Material for the task |
Content starts

(* Let $\Gamma$ be a presheaf on $\mathbb{T}$, let $X$ be a family over $\Gamma$, let $\varphi$ be a predicate over $(\Gamma.X)\times\mathrm{Clk}$, and let $n:\Gamma\to\mathbb{N}$ be a morphism of presheaves into the constant presheaf $\mathbb{N}$. Suppose that for all $(\mathcal{E},\vartheta)$, $\gamma\in\Gamma(\mathcal{E},\vartheta)$, $x,y\in X(\mathcal{E},\vartheta,\gamma)$ and $\lambda\in\mathcal{E}$, if $\star\in\varphi(\mathcal{E},\vartheta,\gamma,x,\lambda)$ and $\star\in\varphi(\mathcal{E},\vartheta,\gamma,y,\lambda)$ then $x=y$ or $\vartheta(\lambda)<n(\gamma)$ (this is the interpretation in the model of ''$\varphi(x,\kappa)\wedge\varphi(y,\kappa)$ implies $(\triangleright^\kappa)^{n}(x=y)$''). Then for every $(\mathcal{E},\vartheta)$ and $\gamma\in\Gamma(\mathcal{E},\vartheta)$ the following are equivalent: (A) there exists $x\in X(\mathcal{E},\vartheta,\gamma)$ such that for all $\alpha<\rho$, $\star\in\varphi(\mathcal{E}\cup\{\lambda_\mathcal{E}\},\vartheta[\lambda_\mathcal{E}\mapsto\alpha],\iota\cdot\gamma,\iota\cdot x,\lambda_\mathcal{E})$; (B) for all $\alpha<\rho$ there exists $x\in X(\mathcal{E}\cup\{\lambda_\mathcal{E}\},\vartheta[\lambda_\mathcal{E}\mapsto\alpha],\iota\cdot\gamma)$ such that $\star\in\varphi(\mathcal{E}\cup\{\lambda_\mathcal{E}\},\vartheta[\lambda_\mathcal{E}\mapsto\alpha],\iota\cdot\gamma,x,\lambda_\mathcal{E})$.
   Context: Fix a limit ordinal $\rho$ and a countably infinite set of clock names. The category $\mathbb{T}$ has objects pairs $(\mathcal{E},\vartheta)$ with $\mathcal{E}$ a finite set of clock names and $\vartheta:\mathcal{E}\to\rho$; a morphism $(\mathcal{E},\vartheta)\to(\mathcal{E}',\vartheta')$ is a function $\sigma:\mathcal{E}\to\mathcal{E}'$ with $\vartheta'\circ\sigma\le\vartheta$ pointwise. A presheaf on $\mathbb{T}$ is a covariant functor $\mathbb{T}\to\mathsf{Set}$; write $\sigma\cdot x$ for the action of $\sigma$. $\mathrm{Clk}$ is the presheaf $\mathrm{Clk}(\mathcal{E},\vartheta)=\mathcal{E}$ with $\sigma\cdot\lambda=\sigma(\lambda)$. For a presheaf $\Gamma$, $\int\Gamma$ is its category of elements, with objects $(\mathcal{E},\vartheta,\gamma)$; a presheaf $X$ over $\int\Gamma$ is a covariant functor $\int\Gamma\to\mathsf{Set}$ with fibres $X(\mathcal{E},\vartheta,\gamma)$ and maps $\sigma\cdot(-)$. $X$ is invariant under clock introduction if for all $(\mathcal{E},\vartheta)$, $\gamma$, clock names $\lambda\notin\mathcal{E}$ and $\alpha<\rho$, the map $\iota\cdot(-): X(\mathcal{E},\vartheta,\gamma)\to X(\mathcal{E}\cup\{\lambda\},\vartheta[\lambda\mapsto\alpha],\iota\cdot\gamma)$ induced by the inclusion $\iota:\mathcal{E}\to\mathcal{E}\cup\{\lambda\}$ is a bijection. A family over $\Gamma$ is a presheaf over $\int\Gamma$ invariant under clock introduction; a predicate is a family all of whose fibres are subsets of $\{\star\}$. The comprehension $\Gamma.X$ is the presheaf $(\Gamma.X)(\mathcal{E},\vartheta)=\{(\gamma,x)\mid\gamma\in\Gamma(\mathcal{E},\vartheta), x\in X(\mathcal{E},\vartheta,\gamma)\}$; thus a predicate $\varphi$ over $(\Gamma.X)\times\mathrm{Clk}$ has fibres $\varphi(\mathcal{E},\vartheta,\gamma,x,\lambda)\subseteq\{\star\}$ for $\lambda\in\mathcal{E}$. A function assigning to each finite set $\mathcal{E}$ of clock names a clock name $\lambda_\mathcal{E}\notin\mathcal{E}$ is fixed, and $\iota$ denotes the inclusion $\mathcal{E}\to\mathcal{E}\cup\{\lambda_\mathcal{E}\}$, viewed as a morphism $(\mathcal{E},\vartheta)\to(\mathcal{E}\cup\{\lambda_\mathcal{E}\},\vartheta[\lambda_\mathcal{E}\mapsto\alpha])$. *)

From HB Require Import structures.
From mathcomp Require Import all_boot all_order.
From mathcomp Require Import finmap.

Set Implicit Arguments.
Unset Strict Implicit.
Unset Printing Implicit Defensive.

Import Order.TTheory.
Local Open Scope order_scope.
Local Open Scope fset_scope.

(* Clock names are natural numbers (a countably infinite set).
   The limit ordinal rho is represented by an arbitrary well-ordered type O
   (the set of ordinals < rho), nonempty and without maximum. *)

Section Model.
Context {disp : Order.disp_t} (O : orderType disp).

Record Obj := mkObj { oE : {fset nat}; oth : oE -> O }.
Arguments oth : clear implicits.

Definition Hom (a b : Obj) :=
  {s : oE a -> oE b | forall c, oth b (s c) <= oth a c}.

Definition homf (a b : Obj) (f : Hom a b) : oE a -> oE b := proj1_sig f.

Definition idH (a : Obj) : Hom a a :=
  exist (fun s : oE a -> oE a => forall c, oth a (s c) <= oth a c)
    (fun c => c) (fun c => lexx (oth a c)).

Definition compH (a b c : Obj) (g : Hom b c) (f : Hom a b) : Hom a c :=
  exist (fun s : oE a -> oE c => forall x, oth c (s x) <= oth a x)
    (fun x => homf g (homf f x))
    (fun x => le_trans (proj2_sig g (homf f x)) (proj2_sig f x)).

Record Presheaf := {
  ps_ob :> Obj -> Type;
  ps_act : forall a b, Hom a b -> ps_ob a -> ps_ob b;
  ps_id : forall a x, ps_act (idH a) x = x;
  ps_comp : forall a b c (f : Hom a b) (g : Hom b c) x,
      ps_act (compH g f) x = ps_act g (ps_act f x) }.
#[global] Arguments ps_act p {a b} f x.
#[global] Arguments ps_id p {a} x.
#[global] Arguments ps_comp p {a b c} f g x.

(* Presheaves over the category of elements of G *)
Record PresheafOver (G : Presheaf) := {
  po_ob :> forall a, G a -> Type;
  po_act : forall a b (f : Hom a b) (g : G a), po_ob g -> po_ob (ps_act G f g);
  po_id : forall a (g : G a) (x : po_ob g),
      eq_rect _ (@po_ob a) (po_act (idH a) x) g (ps_id G g) = x;
  po_comp : forall a b c (f : Hom a b) (h : Hom b c) (g : G a) (x : po_ob g),
      eq_rect _ (@po_ob c) (po_act (compH h f) x) _ (ps_comp G f h g)
      = po_act h (po_act f x) }.
#[global] Arguments po_ob {G} p a g.
#[global] Arguments po_act {G} p {a b} f {g} x.

Lemma memU_l (E : {fset nat}) (l : nat) (e : E) : fsval e \in E `|` [fset l].
Proof. by rewrite in_fsetU (fsvalP e). Qed.

Lemma memU_r (E : {fset nat}) (l : nat) : l \in E `|` [fset l].
Proof. by rewrite in_fsetU in_fset1 eqxx orbT. Qed.

Definition ext_th (a : Obj) (l : nat) (al : O) (c : oE a `|` [fset l]) : O :=
  match (insub (fsval c) : option (oE a)) with
  | Some e => oth a e
  | None => al
  end.
Arguments ext_th : clear implicits.


Definition ext_obj (a : Obj) (l : nat) (al : O) : Obj :=
  @mkObj (oE a `|` [fset l]) (ext_th a l al).
Arguments ext_obj : clear implicits.

Definition clk_intro_fun (a : Obj) (l : nat) (e : oE a) : oE a `|` [fset l] :=
  [` memU_l l e].
Arguments clk_intro_fun : clear implicits.


Lemma clk_intro_le (a : Obj) (l : nat) (al : O) (e : oE a) :
  ext_th a l al (clk_intro_fun a l e) <= oth a e.
Proof. by rewrite /ext_th /clk_intro_fun /= valK. Qed.

Definition clk_intro (a : Obj) (l : nat) (al : O) : Hom a (ext_obj a l al) :=
  exist (fun s : oE a -> oE (ext_obj a l al) =>
           forall c, oth (ext_obj a l al) (s c) <= oth a c)
    (clk_intro_fun a l) (@clk_intro_le a l al).
Arguments clk_intro : clear implicits.

Definition newclk (a : Obj) (l : nat) (al : O) : oE (ext_obj a l al) :=
  [` memU_r (oE a) l].
Arguments newclk : clear implicits.

Definition is_family (G : Presheaf) (X : PresheafOver G) : Prop :=
  forall (a : Obj) (g : G a) (l : nat) (al : O), l \notin oE a ->
    bijective (@po_act G X a (ext_obj a l al) (clk_intro a l al) g).

(* A predicate over (G.X) x Clk: a family over (G.X) x Clk all of whose fibres
   are subsets of {*}; "* in phi(E,theta,g,x,c)" is rendered as the Prop
   [pr_ob phi g x c]. Functoriality becomes monotonicity along morphisms and
   invariance under clock introduction (bijectivity of a map between subsets
   of {*}) becomes an equivalence. *)
Record PredCX (G : Presheaf) (X : PresheafOver G) := {
  pr_ob :> forall a (g : G a), X a g -> oE a -> Prop;
  pr_act : forall a b (f : Hom a b) (g : G a) (x : X a g) (c : oE a),
      pr_ob x c -> pr_ob (po_act X f x) (homf f c);
  pr_inv : forall a (g : G a) (x : X a g) (c : oE a) (l : nat) (al : O),
      l \notin oE a ->
      (pr_ob x c <-> pr_ob (po_act X (clk_intro a l al) x) (homf (clk_intro a l al) c)) }.
#[global] Arguments pr_ob {G X} p a g x c.

(* For an ordinal al (< rho) and a natural number n, al < n (as ordinals)
   iff al has fewer than n predecessors. *)
Definition ord_lt_nat (al : O) (n : nat) : Prop :=
  ~ exists s : seq O, [/\ size s = n, uniq s & all (fun b => b < al) s].

End Model.

#[global] Arguments oth {disp O} o _.
#[global] Arguments ext_th {disp O} a l al c.
#[global] Arguments ext_obj {disp O} a l al.
#[global] Arguments clk_intro_fun {disp O} a l e.
#[global] Arguments clk_intro {disp O} a l al.
#[global] Arguments newclk {disp O} a l al.

From HB Require Import structures.
From mathcomp Require Import all_boot all_order.
From mathcomp Require Import finmap.
Local Open Scope order_scope.
Local Open Scope fset_scope.

From Stdlib Require Import ProofIrrelevance.
Set Implicit Arguments.
Import Order.TTheory.

(* By invariance under clock introduction, every witness of (B) at time [al]
   is the image of a unique [y] over [(E, theta)], and lowering the time of the
   new clock from [be] to [al <= be] is a morphism, so [phi] is antitone in the
   time.  Fix [al0] with at least [n g] predecessors: at [al0] the hypothesis
   makes witnesses unique.  For any [al], the witness at [max al al0] lowers to
   both [al] and [al0], so by uniqueness at [al0] it comes from the same [y0] as
   the witness at [al0]; hence [y0] satisfies (A). *)

Section ClockIntroduction.
Context {disp : Order.disp_t} {O : orderType disp}.

Lemma Hom_ext (a b : Obj O) (f h : Hom a b) : homf f = homf h -> f = h.
Proof.
case: f h => [f pf] [h ph] /= ef; subst h.
by rewrite (proof_irrelevance _ pf ph).
Qed.

Lemma oth_newclk (a : Obj O) (l : nat) (al : O) :
  l \notin oE a -> oth (ext_obj a l al) (newclk a l al) = al.
Proof. by move=> nl; rewrite /= /ext_th insubN. Qed.

Definition clk_lower (a : Obj O) (l : nat) {al be : O} (le_al_be : al <= be) :
  Hom (ext_obj a l be) (ext_obj a l al).
Proof.
refine (exist _ (fun c => c) _) => c /=.
by rewrite /ext_th; case: insub.
Defined.

Lemma clk_lower_intro (a : Obj O) (l : nat) (al be : O) (le_al_be : al <= be) :
  compH (clk_lower a l le_al_be) (clk_intro a l be) = clk_intro a l al.
Proof. exact: Hom_ext. Qed.

Lemma pr_act_comp (G : Presheaf O) (X : PresheafOver G) (phi : PredCX X)
    (a b c : Obj O) (f : Hom a b) (h : Hom b c) (g : G a) (x : X a g) (k : oE c) :
  phi c _ (po_act X h (po_act X f x)) k -> phi c _ (po_act X (compH h f) x) k.
Proof. by rewrite -po_comp; case: _ / ps_comp. Qed.

Lemma pr_clk_intro_antitone {G : Presheaf O} {X : PresheafOver G}
    (phi : PredCX X) {a : Obj O} {g : G a} {y : X a g} {l : nat} {al be : O} :
  al <= be ->
  phi _ _ (po_act X (clk_intro a l be) y) (newclk a l be) ->
  phi _ _ (po_act X (clk_intro a l al) y) (newclk a l al).
Proof.
move=> le_al_be /(pr_act (clk_lower a l le_al_be)) /pr_act_comp.
by rewrite clk_lower_intro.
Qed.

Lemma ord_ge_nat_exists :
  inhabited O -> (forall al : O, exists be, al < be) ->
  forall m : nat, exists al : O, ~ ord_lt_nat al m.
Proof.
move=> [x0] O_lim m; suff [al [s [sz us below]]] :
  exists al : O, exists s : seq O, [/\ size s = m, uniq s & all (fun b => b < al) s].
  by exists al; apply; exists s.
elim: m => [|m [al [s [sz us below]]]]; first by exists x0, [::].
have [be lt_al_be] := O_lim al.
exists be, (al :: s); split => /=; first by rewrite sz.
  by rewrite us andbT; apply/negP => /(allP below); rewrite ltxx.
rewrite lt_al_be; apply/allP => b /(allP below) lt_b_al.
exact: lt_trans lt_b_al lt_al_be.
Qed.

End ClockIntroduction.

Unset Implicit Arguments.
Theorem mainTheorem6 (disp : Order.disp_t) (O : orderType disp)
  (O_wf : well_founded (fun x y : O => x < y))
  (O_inh : inhabited O)
  (O_lim : forall al : O, exists be : O, al < be)
  (fresh : {fset nat} -> nat) (fresh_notin : forall E, fresh E \notin E)
  (G : Presheaf O) (X : PresheafOver G) (X_fam : is_family X)
  (phi : PredCX X)
  (n : forall a : Obj O, G a -> nat)
  (n_nat : forall (a b : Obj O) (f : Hom a b) (g : G a), n b (ps_act G f g) = n a g)
  (H : forall (a : Obj O) (g : G a) (x y : X a g) (c : oE a),
      phi a g x c -> phi a g y c -> x = y \/ ord_lt_nat (oth a c) (n a g))
  (a : Obj O) (g : G a) :
  (exists x : X a g, forall al : O,
      phi (ext_obj a (fresh (oE a)) al)
          (ps_act G (clk_intro a (fresh (oE a)) al) g)
          (po_act X (clk_intro a (fresh (oE a)) al) x)
          (newclk a (fresh (oE a)) al))
  <->
  (forall al : O, exists x : X (ext_obj a (fresh (oE a)) al)
                               (ps_act G (clk_intro a (fresh (oE a)) al) g),
      phi (ext_obj a (fresh (oE a)) al)
          (ps_act G (clk_intro a (fresh (oE a)) al) g)
          x
          (newclk a (fresh (oE a)) al)).
Proof.
set l := fresh (oE a); have nl : l \notin oE a := fresh_notin _.
split=> [[x Px] al|HB]; first by exists (po_act X (clk_intro a l al) x).
have witness al : exists y : X a g, phi _ _ (po_act X (clk_intro a l al) y) (newclk a l al).
  have [x Px] := HB al; have [unintro _ introK] := X_fam a g l al nl.
  by exists (unintro x); rewrite introK.
have [al0 many_below] := ord_ge_nat_exists O_inh O_lim (n a g).
have [y0 P0] := witness al0; exists y0 => al.
have [yb Pb] := witness (Order.max al al0).
have le_al0 : al0 <= Order.max al al0 by rewrite le_max lexx orbT.
have le_al : al <= Order.max al al0 by rewrite le_max lexx.
have Pb0 := pr_clk_intro_antitone phi le_al0 Pb.
have [eq_intro|] := H _ _ _ _ _ Pb0 P0; last by rewrite oth_newclk // n_nat.
rewrite -(bij_inj (X_fam a g l al0 nl) eq_intro).
exact: (pr_clk_intro_antitone phi le_al Pb).
Qed.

Content ends

What the task requires | Wherever "exact" occurs in the entries above, copy the line it sits on.

Answer to the exercise |
Proof. exact: Hom_ext. Qed.
exact: lt_trans lt_b_al lt_al_be.
exact: (pr_clk_intro_antitone phi le_al Pb).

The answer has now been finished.